Problem

Locks and Keys

The problem we’re analyzing is very simple to grasp and likely is familiar to anybody with a background in security. Firstly, cryptography is used to encrypt information for any user that wants their information to remain relatively private between them and the party they’re interacting with. This is done in a variety of ways, but for simplicity’s sake, it only needs to be visualized as a lock and keys. Only 1 key fits the lock, but you don’t know which key to use. Given enough keys, it’ll be mathematically impossible to try all of them, even with a powerful computer.

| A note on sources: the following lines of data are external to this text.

(* Let $Y/X$ be a Galois cover of finite digraphs with abelian Galois group $G=\mathrm{Gal}(Y/X)$, and let $F$ be an algebraically closed field of characteristic zero. Then $$g_Y(u)=g_X(u)\prod_{\substack{\psi\in\widehat G(F)\\ \psi\neq\psi_0}}g_{Y/X}(u,\psi).$$
   Context: Digraph $X=(V_X,E_X)$ with incidence $e\mapsto(o(e),t(e))$; strongly connected means a directed path exists between any two distinct vertices. A cover $f:Y\to X$ is a morphism surjective on vertices and bijective from edges with origin $w$ (resp. terminus $w$) onto edges with origin $f(w)$ (resp. terminus $f(w)$) for each $w\in V_Y$. $\mathrm{Aut}(Y/X)$ is the group of digraph automorphisms $\sigma$ of $Y$ with $f\circ\sigma=f$; the cover is Galois if $X,Y$ are strongly connected and $\mathrm{Aut}(Y/X)$ acts transitively on each fibre $f^{-1}(v)$, and then $\mathrm{Gal}(Y/X)=\mathrm{Aut}(Y/X)$; it acts freely on $V_Y$. $\mathcal{A}_Y(w)=\sum_{o(\varepsilon)=w}t(\varepsilon)$; $g_Y(u)=\det(\mathcal{I}-\mathcal{A}_Yu)$, similarly $g_X$. $\gamma_{Y/X}(u)=\det_{\mathbb{Z}[G][u]}(\mathcal{I}-\mathcal{A}_Yu)$, computed on the free $\mathbb{Z}[G][u]$-module $\mathbb{Z}V_Y[u]$. $\widehat G(F)=\mathrm{Hom}(G,F^\times)$, $\psi_0$ the trivial character, and $g_{Y/X}(u,\psi)\in F[u]$ is obtained by applying $\psi$ to the coefficients of $\gamma_{Y/X}(u)$. *)

From HB Require Import structures.
From mathcomp Require Import all_boot all_order all_algebra all_fingroup all_solvable.
Set Implicit Arguments.
Unset Strict Implicit.
Unset Printing Implicit Defensive.
Import GRing.Theory.
Local Open Scope ring_scope.

(* A finite digraph (multiple edges and loops allowed): finite vertex set,
   finite edge set, origin map o = dsrc and terminus map t = dtgt. *)
Record digraph := Digraph {
  dvert : finType;
  dedge : finType;
  dsrc : dedge -> dvert;
  dtgt : dedge -> dvert }.

Definition dadj (X : digraph) : rel (dvert X) :=
  fun v w => [exists e : dedge X, (dsrc e == v) && (dtgt e == w)].

Definition strongly_connected (X : digraph) : Prop :=
  forall v w : dvert X, v != w -> connect (@dadj X) v w.

Section Cover.
Variables (X Y : digraph) (fv : dvert Y -> dvert X) (fe : dedge Y -> dedge X).

Definition is_cover : Prop :=
  [/\ (forall e, dsrc (fe e) = fv (dsrc e) /\ dtgt (fe e) = fv (dtgt e)),
      (forall v : dvert X, exists w, fv w = v),
      (forall w : dvert Y,
          {in [pred e | dsrc e == w] &, injective fe} /\
          (forall e' : dedge X, dsrc e' = fv w -> exists2 e, dsrc e = w & fe e = e')) &
      (forall w : dvert Y,
          {in [pred e | dtgt e == w] &, injective fe} /\
          (forall e' : dedge X, dtgt e' = fv w -> exists2 e, dtgt e = w & fe e = e'))].

Definition autT := ({perm dvert Y} * {perm dedge Y})%type.

Definition is_aut_over (sg : autT) : bool :=
  [&& [forall e, (dsrc (sg.2 e) == sg.1 (dsrc e)) && (dtgt (sg.2 e) == sg.1 (dtgt e))],
      [forall w, fv (sg.1 w) == fv w] &
      [forall e, fe (sg.2 e) == fe e]].

Definition Aut_set : {set autT} := [set sg | is_aut_over sg].

Lemma Aut_group_set : group_set Aut_set.
Proof.
apply/group_setP; split.
  rewrite inE; apply/and3P; split; apply/forallP => x /=; rewrite ?perm1 ?eqxx //.
move=> [s1 s2] [t1 t2]; rewrite !inE => /and3P[/forallP Hs /forallP Hs1 /forallP Hs2].
move=> /and3P[/forallP Ht /forallP Ht1 /forallP Ht2].
apply/and3P; split; apply/forallP => x /=; rewrite !permM.
- have /andP[/eqP a /eqP b] := Hs x; have /andP[/eqP c /eqP d] := Ht (s2 x).
  by rewrite c d a b !eqxx.
- by rewrite (eqP (Ht1 _)) (eqP (Hs1 _)).
- by rewrite (eqP (Ht2 _)) (eqP (Hs2 _)).
Qed.

Canonical Aut_group := Group Aut_group_set.

Definition is_galois_cover : Prop :=
  [/\ is_cover, strongly_connected X, strongly_connected Y &
      forall w w' : dvert Y, fv w = fv w' -> exists2 sg, sg \in Aut_set & sg.1 w = w'].

Definition Gal : {group autT} := Aut_group.

Definition galT := subg_of Gal.

(* --- the group ring Z[G][u], realised as functions G -> Z[u] --- *)
Definition grone : {ffun galT -> {poly int}} := [ffun g : galT => ((g == 1%g)%:R : {poly int})].
Definition grmul (a b : {ffun galT -> {poly int}}) : {ffun galT -> {poly int}} :=
  [ffun g => \sum_(h : galT) a h * b (h^-1 * g)%g].

(* Given a section s of fv (one vertex in each fibre = a Z[G]-basis of Z V_Y),
   the matrix of I - A_Y u over Z[G][u]: entry (i, j) is the coefficient of
   s(i) in (I - A_Y u)(s(j)); the coefficient of g in A_Y(s j) at s i counts
   the edges e with o(e) = s j and t(e) = g . s i. *)
Definition IAmx (s : dvert X -> dvert Y) (i j : dvert X) : {ffun galT -> {poly int}} :=
  [ffun g => ((i == j) && (g == 1%g))%:R%:P
       - 'X * (#|[set e : dedge Y | (dsrc e == s j) &&
                         (dtgt e == (sgval g : autT).1 (s i))]|%:R)%:P].

(* gamma_{Y/X}(u) = det_{Z[G][u]} (I - A_Y u), Leibniz formula *)
Definition gammaYX (s : dvert X -> dvert Y) : {ffun galT -> {poly int}} :=
  \sum_(p : {perm dvert X})
     [ffun g : galT => (-1) ^+ p * (\big[grmul/grone]_(i : dvert X) IAmx s i (p i)) g].

Definition is_character (F : fieldType) (psi : {ffun galT -> F}) : Prop :=
  (forall x y : galT, psi (x * y)%g = psi x * psi y) /\ (forall x, psi x != 0).

Definition psi0 (F : fieldType) : {ffun galT -> F} := [ffun _ => 1].

Definition gYX (F : fieldType) (s : dvert X -> dvert Y) (psi : {ffun galT -> F}) : {poly F} :=
  \sum_(g : galT) psi g *: map_poly (fun z : int => z%:~R) (gammaYX s g).

End Cover.

(* g_X(u) = det(I - A_X u) in Z[u]; A_X(w) = sum_{o(e)=w} t(e) *)
Definition gpoly (X : digraph) : {poly int} :=
  \det (\matrix_(i < #|dvert X|, j < #|dvert X|)
          ((i == j)%:R%:P - 'X * (#|[set e : dedge X | (dsrc e == enum_val j) &&
                                      (dtgt e == enum_val i)]|%:R)%:P)).

From HB Require Import structures.
From mathcomp Require Import all_boot all_order all_algebra all_fingroup all_solvable.
From mathcomp Require Import mxrepresentation ring.
Set Implicit Arguments.
Unset Strict Implicit.
Unset Printing Implicit Defensive.
Import GRing.Theory.
Local Open Scope ring_scope.

(** Fix a section [s] of the cover.  Since [Gal(Y/X)] acts freely and
    transitively on fibres, [(g, v) |-> g.(s v)] identifies [V_Y] with
    [G * V_X], and in these coordinates [I - A_Y u] is a [G]-circulant block
    matrix: its [((g,k),(h,l))] entry depends only on [k], [l] and [g h^-1], and
    it is the [(k,l)] entry of the matrix over [Z[G][u]] whose determinant is
    [gamma_{Y/X}].  For abelian [G] and [F] algebraically closed of
    characteristic zero there are exactly [|G|] characters, and conjugating by
    the character table block-diagonalises such a matrix (Dedekind's group
    determinant), the [psi]-block being the image of the [Z[G][u]]-matrix under
    [psi].  As [psi] is a ring morphism, that block has determinant
    [g_{Y/X}(u, psi)]; for the trivial character the fibre sums of edge counts
    are the edge counts of [X], giving [g_X(u)]. *)

Lemma sum_delta (R : pzSemiRingType) (I : finType) (i : I) (f : I -> R) :
  \sum_j (i == j)%:R * f j = f i.
Proof.
rewrite (bigD1 i) //= eqxx mul1r big1 ?addr0 // => j.
by rewrite eq_sym => /negbTE->; rewrite mul0r.
Qed.

Lemma sum_pair (V : nmodType) (I J : finType) (F : I * J -> V) :
  \sum_p F p = \sum_i \sum_j F (i, j).
Proof. by rewrite pair_bigA; apply: eq_bigr => -[]. Qed.

Lemma card_set_sum (T : finType) (P : pred T) : #|[set x | P x]| = (\sum_x P x)%N.
Proof.
by rewrite -sum1_card big_mkcond; apply: eq_bigr => x _; rewrite inE; case: (P x).
Qed.

(** * Leibniz determinants over finite index types *)

Section LeibnizDeterminant.
Variable R : comPzRingType.

(* [\det] only accepts ['I_n]-indexed matrices; [gammaYX] is a Leibniz
   expansion over [{perm dvert X}]. *)
Definition fdet (T : finType) (a : T -> T -> R) : R :=
  \sum_(p : {perm T}) (-1) ^+ p * \prod_i a i (p i).

Lemma eq_fdet (T : finType) (a b : T -> T -> R) :
  (forall x y, a x y = b x y) -> fdet a = fdet b.
Proof.
by move=> eq_ab; apply: eq_bigr => p _; congr (_ * _); apply: eq_bigr.
Qed.

Lemma det_fdet n (A : 'M[R]_n) : \det A = fdet (fun i j => A i j).
Proof. by rewrite /determinant; unlock. Qed.

Section Transport.
Variables (T1 T2 : finType) (f : T1 -> T2) (g : T2 -> T1).
Hypotheses (fK : cancel f g) (gK : cancel g f).

Lemma transport_perm_inj (p : {perm T2}) : injective (fun x => g (p (f x))).
Proof. by move=> x y /(can_inj gK) /perm_inj /(can_inj fK). Qed.

Definition transport_perm (p : {perm T2}) : {perm T1} :=
  perm (@transport_perm_inj p).

Lemma transport_permE p x : transport_perm p x = g (p (f x)).
Proof. by rewrite permE. Qed.

Lemma transport_permM : {morph transport_perm : p q / (p * q)%g}.
Proof. by move=> p q; apply/permP => x; rewrite permM !transport_permE permM gK. Qed.

Lemma transport_perm1 : transport_perm 1%g = 1%g.
Proof. by apply/permP => x; rewrite transport_permE !perm1 fK. Qed.

Lemma transport_tperm a b : transport_perm (tperm a b) = tperm (g a) (g b).
Proof.
apply/permP => x; rewrite transport_permE.
case: (tpermP a b (f x)) => [<- | <- | /eqP Na /eqP Nb]; rewrite ?fK ?tpermL ?tpermR //.
by rewrite tpermD // -(can_eq fK) gK eq_sym.
Qed.

Lemma odd_transport_perm p : odd_perm (transport_perm p) = odd_perm p.
Proof.
have [ts -> dts] := prod_tpermP p.
rewrite odd_perm_prod // (big_morph _ transport_permM transport_perm1).
under eq_bigr do rewrite transport_tperm.
rewrite -(big_map (fun t => (g t.1, g t.2)) xpredT (fun t => tperm t.1 t.2)).
rewrite odd_perm_prod ?size_map //.
by apply/allP => _ /mapP[t /(allP dts) dt ->]; rewrite /dpair /= (can_eq gK).
Qed.

Lemma transport_perm_bij : bijective transport_perm.
Proof.
have inj (q : {perm T1}) : injective (fun y => f (q (g y))).
  by move=> x y /(can_inj fK) /perm_inj /(can_inj gK).
exists (fun q => perm (inj q)) => [p | q]; apply/permP => x.
  by rewrite permE /= transport_permE !gK.
by rewrite transport_permE permE /= !fK.
Qed.

Lemma fdet_transport (a : T2 -> T2 -> R) :
  fdet (fun x y => a (f x) (f y)) = fdet a.
Proof.
rewrite /fdet (reindex transport_perm); last exact/onW_bij/transport_perm_bij.
apply: eq_bigr => p _; rewrite odd_transport_perm; congr (_ * _).
rewrite (reindex g); last by apply/onW_bij; exists f.
by apply: eq_bigr => y _; rewrite transport_permE !gK.
Qed.

End Transport.

Lemma fdet_enum (T : finType) (a : T -> T -> R) :
  \det (\matrix_(i, j < #|T|) a (enum_val i) (enum_val j)) = fdet a.
Proof.
rewrite det_fdet -(fdet_transport (@enum_valK T) (@enum_rankK T)).
by apply: eq_fdet => i j; rewrite mxE.
Qed.

Lemma det_castmx n1 n2 (e : n1 = n2) (A : 'M[R]_n1) : \det (castmx (e, e) A) = \det A.
Proof. by case: n2 / e; rewrite castmx_id. Qed.

Lemma det_mxdiag K (p_ : 'I_K -> nat) (B : forall i, 'M[R]_(p_ i)) :
  \det (\mxdiag_i B i) = \prod_i \det (B i).
Proof.
elim: K p_ B => [|K IHK] p_ B; last first.
  by rewrite mxdiag_recl det_castmx det_ublock IHK big_ord_recl.
have det_empty n (M : 'M[R]_n) : n = 0%N -> \det M = 1 by move=> n0; subst n; exact: det_mx00.
by rewrite [RHS]big_ord0 det_empty // big_ord0.
Qed.

Import tagnat.

Lemma fdet_block_diag_ord K (T : finType) (A : 'I_K -> T -> T -> R) :
  fdet (fun x y : 'I_K * T => (x.1 == y.1)%:R * A x.1 x.2 y.2) =
  \prod_a fdet (A a).
Proof.
pose p_ (a : 'I_K) := #|T|.
pose B a : 'M[R]_(p_ a) := \matrix_(i, j < #|T|) A a (enum_val i) (enum_val j).
under [RHS]eq_bigr do rewrite -fdet_enum.
rewrite -(det_mxdiag B) det_fdet.
pose f (x : 'I_K * T) := Rank x.1 (enum_rank x.2 : 'I_(p_ x.1)).
pose g (s : 'I_(\sum_a p_ a)) := (sig1 s, enum_val (sig2 s : 'I_#|T|)).
have sig2_Rank a (k : 'I_#|T|) : (sig2 (Rank a (k : 'I_(p_ a))) : 'I_#|T|) = k.
  by apply: val_inj; rewrite Rank2K.
have fK : cancel f g by move=> [a x]; rewrite /f /g /= Rank1K sig2_Rank enum_rankK.
have gK : cancel g f by move=> s; rewrite /f /g /= enum_valK sig2K.
rewrite -(fdet_transport fK gK); apply: eq_fdet => x y.
rewrite /f /mxdiag /mxblock mxE !Rank1K.
case: eqP => [Exy|_]; last by rewrite mxE mul0r.
rewrite conform_mx_id mul1r; case: y Exy => b y /= <-.
by rewrite sig2_Rank mxE sig2_Rank !enum_rankK.
Qed.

The most basic example of a lock would be a cipher where “each value is entered into the [equation] C = P + 3, where p is the plaintext value and C is the ciphertext value” (Olmanson, 8). The lock is the formula itself, being the thing you put your unencrypted information into. The key is your information, which is converted to a unique encrypted value. While this cipher is easy to crack, even as a human, the more complicated ciphers use prime numbers in a way that makes it impossible to reverse the function. This means a computer is forced to guess each value that it could be, one after another, forming the basis for why higher computational speed leads to faster decryption of unknown information.

Quantum Computers

This is where quantum computers step in, having the higher computational speed required for cracking the most complicated locks. When examined from a mathematical standpoint, “quantum computers have been shown to have exponential speedups” (Bernstein et al., 2009, p. 17). By being capable of trying more keys, much faster than a classical computer, a quantum computer can eventually find the right key to the lock. This creates a larger issue than might be initially expected because not every single lock (cryptography method) is unique across the internet. While they have different pins (private/public keys), they are still fundamentally made the same way. That means if a quantum computer can crack 1 lock type, they can crack all locks of that same type.

Repercussions

In a world where cryptography can be more easily breached, everybody takes a toll. This is because cryptography is absolutely everywhere and in everything, used to secure most communications over the internet for the sake of privacy. If not addressed, it will also take a greater toll on the programmers and developers that have to create a new quantum-proof solution. The time needed to create said solution would take even longer than expected due to potential issues that arise from the sheer number of people who will be available to test it. A quantum proof solution made in the moment will be put through a “trial by fire” because of all the people who use cryptography, which is unfavorable for anybody wanting reliable security.